What you should do: Reproduce the records exactly, beginning with their first line and ending with the line that contains "have C2 : cont_on", and output nothing more.

Stored items:
Lemma rp_concatr_map phi : reparam_map phi -> reparam_map (rp_concatr phi).
Proof.
move=> Hphi; have Rphi := reparam_range Hphi.
case: Hphi => /cont_onP Cphi phi0 phi1 Mphi; split; rewrite /rp_concatr.
- have R2 t : 2^-1 <= t -> t <= 1 -> 0 <= phi (2 * t - 1) <= 1.
    by move=> t0 t1; apply: Rphi; lra.
  have C2 : cont_on (fun t => phi (2 * t - 1)) 2^-1 1.
    by apply: (cont_on_comp Cphi) => [|t *]; [exact: cont_on_affine | lra].
  apply/cont_onP; apply: cont_on_if; try lra.
  + by apply: (cont_on_ext (@cont_on_scale 1 _ _)) => t *; rewrite mul1r.
  + apply: (cont_on_ext (cont_on_comp (@cont_on_affine 2^-1 2^-1 0 1) C2 R2)).
    by move=> t *; lra.
  + by rewrite (_ : 2 * 2^-1 - 1 = 0) ?phi0; lra.
- by case_ifs; lra.
- by case_ifs; [lra | rewrite (_ : 2 * 1 - 1 = 1) ?phi1; lra].
- move=> s t s0 st t1; case_ifs.
  + by lra.
  + by have := Rphi (2 * t - 1); lra.
  + by lra.
  + by have := Mphi (2 * s - 1) (2 * t - 1); lra.
Qed.

Section ConcatReparam.
Variable T : topologicalType.
Implicit Types p q : RR -> T.

Lemma pconcat_cstpr p t : 0 <= t -> t <= 1 -> pconcat p (cstp (p 1)) t = p (rp_unitr t).
Proof. by move=> t0 t1; rewrite /pconcat /rp_unitr /cstp; case_ifs. Qed.

Lemma pconcat_cstpl p t : 0 <= t -> t <= 1 -> pconcat (cstp (p 0)) p t = p (rp_unitl t).
Proof. by move=> t0 t1; rewrite /pconcat /rp_unitl /cstp; case_ifs => //; congr p; lra. Qed.

Lemma pconcatA_rp p q r t : 0 <= t -> t <= 1 ->
  pconcat (pconcat p q) r t = pconcat p (pconcat q r) (rp_assoc t).
Proof.
move=> t0 t1; rewrite /pconcat /rp_assoc.
have [t_le4|t_gt4] := leP t 4^-1; have [t_le2|t_gt2] := leP t 2^-1.
all: by case_ifs; try (exfalso; lra); congr (_ _); lra.
Qed.

Lemma pconcat_rp_concatl p p' q phi : reparam_map phi ->
  (forall t, 0 <= t -> t <= 1 -> p' t = p (phi t)) ->
  forall t, 0 <= t -> t <= 1 -> pconcat p' q t = pconcat p q (rp_concatl phi t).
Proof.
move=> Hphi E t t0 t1; rewrite /pconcat /rp_concatl.
have [h|h] := leP t 2^-1; last by rewrite ifF //; apply/negbTE; rewrite -ltNge.
have /andP [r0 r1] : 0 <= phi (2 * t) <= 1 by apply: reparam_range => //; lra.
rewrite ifT; last lra.
by rewrite E; [congr p; lra | lra | lra].
Qed.

Lemma pconcat_rp_concatr p q q' phi : reparam_map phi -> p 1 = q 0 ->
  (forall t, 0 <= t -> t <= 1 -> q' t = q (phi t)) ->
  forall t, 0 <= t -> t <= 1 -> pconcat p q' t = pconcat p q (rp_concatr phi t).
Proof.
move=> Hphi pq E t t0 t1; rewrite /pconcat /rp_concatr.
have [h|h] := leP t 2^-1; first by rewrite h.
have /andP [r0 r1] : 0 <= phi (2 * t - 1) <= 1 by apply: reparam_range => //; lra.
rewrite E; [|lra|lra].
have [h2|h2] := leP ((phi (2 * t - 1) + 1) / 2) 2^-1; last by congr q; lra.
have -> : phi (2 * t - 1) = 0 by lra.
by rewrite (_ : 2 * ((0 + 1) / 2) = 1) //; lra.
Qed.
End ConcatReparam.

Section TraceEquiv.
Variables (T : topologicalType) (le : T -> T -> Prop) (le_pre : preorder T le).
Local Notation te := (trace_equiv le).
Implicit Types p q r : RR -> T.

Lemma trace_equiv_reparam p q phi : dipath le p -> dipath le q -> reparam_map phi ->
  (forall t, 0 <= t -> t <= 1 -> q t = p (phi t)) -> te p q.
Proof. by move=> Hp Hq Hphi E; apply: rst_step; split => //; split => //; exists phi. Qed.

Lemma trace_equiv_ends p q : te p q -> p 0 = q 0 /\ p 1 = q 1.
Proof.
elim=> {p q} [p q [_ [_ [phi [[_ phi0 phi1 _] E]]]]|//|p q _ [-> ->]//|].
  by rewrite !E ?phi0 ?phi1 //; lra.
by move=> p q r _ [-> ->] _ [-> ->].
Qed.

Lemma trace_equiv_pconcat_cstpr p : dipath le p -> te p (pconcat p (cstp (p 1))).
Proof.
move=> Hp; apply: (trace_equiv_reparam Hp _ rp_unitr_map); last exact: pconcat_cstpr.
by apply: dipath_pconcat (dipath_cstp le_pre _) _.
Qed.

Lemma trace_equiv_pconcat_cstpl p : dipath le p -> te p (pconcat (cstp (p 0)) p).
Proof.
move=> Hp; apply: (trace_equiv_reparam Hp _ rp_unitl_map); last exact: pconcat_cstpl.
exact: dipath_pconcat (dipath_cstp le_pre _) Hp _.
Qed.

Lemma trace_equiv_pconcatA p q r : dipath le p -> dipath le q -> dipath le r ->
  p 1 = q 0 -> q 1 = r 0 -> te (pconcat p (pconcat q r)) (pconcat (pconcat p q) r).
Proof.
move=> Hp Hq Hr pq qr.
have Hp_qr : dipath le (pconcat p (pconcat q r)).
  by apply: (dipath_pconcat le_pre Hp (dipath_pconcat le_pre Hq Hr qr)); rewrite pconcat0.
have Hpq_r : dipath le (pconcat (pconcat p q) r).
  by apply: (dipath_pconcat le_pre (dipath_pconcat le_pre Hp Hq pq) Hr); rewrite pconcat1.
exact: trace_equiv_reparam Hp_qr Hpq_r rp_assoc_map (@pconcatA_rp _ p q r).
Qed.

Lemma trace_equiv_pconcatl q p p' : dipath le q -> te p p' -> p 1 = q 0 ->
  te (pconcat p q) (pconcat p' q).
Proof.
move=> Hq; elim=> {p p'} [p p' Hpp'|p|p p' Hpp' IH|p1 p2 p3 H12 IH12 _ IH23] pq.
- have [_ p'q] := trace_equiv_ends (rst_step _ _ _ _ Hpp').
  case: Hpp' => Hp [Hp' [phi [Hphi E]]].
  apply: (trace_equiv_reparam _ _ (rp_concatl_map Hphi)).
  + exact: dipath_pconcat.
  + by apply: dipath_pconcat; rewrite -?p'q.
  + exact: pconcat_rp_concatl.
- exact: rst_refl.
- by apply: rst_sym; apply: IH; have [_ ->] := trace_equiv_ends Hpp'.
- apply: (rst_trans _ _ _ (pconcat p2 q)); first exact: IH12.
  by apply: IH23; have [_ <-] := trace_equiv_ends H12.
Qed.

Lemma trace_equiv_pconcatr p q q' : dipath le p -> te q q' -> p 1 = q 0 ->
  te (pconcat p q) (pconcat p q').
Proof.
move=> Hp; elim=> {q q'} [q q' Hqq'|q|q q' Hqq' IH|q1 q2 q3 H12 IH12 _ IH23] pq.
- have [q'q _] := trace_equiv_ends (rst_step _ _ _ _ Hqq').
  case: Hqq' => Hq [Hq' [phi [Hphi E]]].
  apply: (trace_equiv_reparam _ _ (rp_concatr_map Hphi)).
  + exact: dipath_pconcat.
  + by apply: dipath_pconcat; rewrite -?q'q.
  + exact: pconcat_rp_concatr.
- exact: rst_refl.
- by apply: rst_sym; apply: IH; have [-> _] := trace_equiv_ends Hqq'.
- apply: (rst_trans _ _ _ (pconcat p q2)); first exact: IH12.
  by apply: IH23; have [<- _] := trace_equiv_ends H12.
Qed.

Lemma tclass_trace_equiv x y p p' : te p p' -> tclass le x y p = tclass le x y p'.
Proof.
move=> Hpp'; apply/funext => r; apply/propext.
split=> -[Hr r0 r1 H]; split=> //; last exact: rst_trans H.
exact: rst_trans (rst_sym _ _ _ _ Hpp') H.
Qed.
End TraceEquiv.

Section TraceCategory.
Variables (T : topologicalType) (le : T -> T -> Prop) (le_pre : preorder T le).
Variable Hc : dipath_closure le.
Local Notation te := (trace_equiv le).

Lemma trep_dipath x y (f : Trace le x y) : dipath le (trep f).
Proof. by case: (trepP f). Qed.

Lemma trep0 x y (f : Trace le x y) : trep f 0 = x.
Proof. by case: (trepP f). Qed.

Lemma trep1 x y (f : Trace le x y) : trep f 1 = y.
Proof. by case: (trepP f). Qed.

Lemma trace_equiv_trep x y (f : Trace le x y) p :
  sval f = tclass le x y p -> te p (trep f).
Proof.
case: (trepP f) => Hf f0 f1 Ef Epf.
have : tclass le x y (trep f) (trep f) by split => //; apply: rst_refl.
by rewrite -Ef Epf => -[].
Qed.

Lemma trace_eq x y (f g : Trace le x y) : te (trep f) (trep g) -> f = g.
Proof.
move=> Hfg; apply: eq_sig_hprop => [S ? ?|]; first exact: Prop_irrelevance.
by case: (trepP f) (trepP g) => _ _ _ -> [_ _ _ ->]; apply: tclass_trace_equiv.
Qed.

Lemma trep_tcomp x y z (g : Trace le y z) (f : Trace le x y) :
  te (pconcat (trep f) (trep g)) (trep (tcomp Hc g f)).
Proof. exact: trace_equiv_trep. Qed.

Lemma trep_tid x : te (cstp x) (trep (tid Hc x)).
Proof. exact: trace_equiv_trep. Qed.

Lemma tcomp_idl x y (f : Trace le x y) : tcomp Hc (tid Hc y) f = f.
Proof.
apply: trace_eq; apply: rst_sym.
apply: (rst_trans _ _ _ (pconcat (trep f) (cstp y))).
  by rewrite -[in cstp y](trep1 f); apply: (trace_equiv_pconcat_cstpr le_pre (trep_dipath f)).
apply: rst_trans (trep_tcomp _ _).
by apply: (trace_equiv_pconcatr le_pre (trep_dipath f) (trep_tid y)); rewrite trep1.
Qed.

Solution for this problem:
Lemma rp_concatr_map phi : reparam_map phi -> reparam_map (rp_concatr phi).
Proof.
move=> Hphi; have Rphi := reparam_range Hphi.
case: Hphi => /cont_onP Cphi phi0 phi1 Mphi; split; rewrite /rp_concatr.
- have R2 t : 2^-1 <= t -> t <= 1 -> 0 <= phi (2 * t - 1) <= 1.
    by move=> t0 t1; apply: Rphi; lra.
  have C2 : cont_on (fun t => phi (2 * t - 1)) 2^-1 1.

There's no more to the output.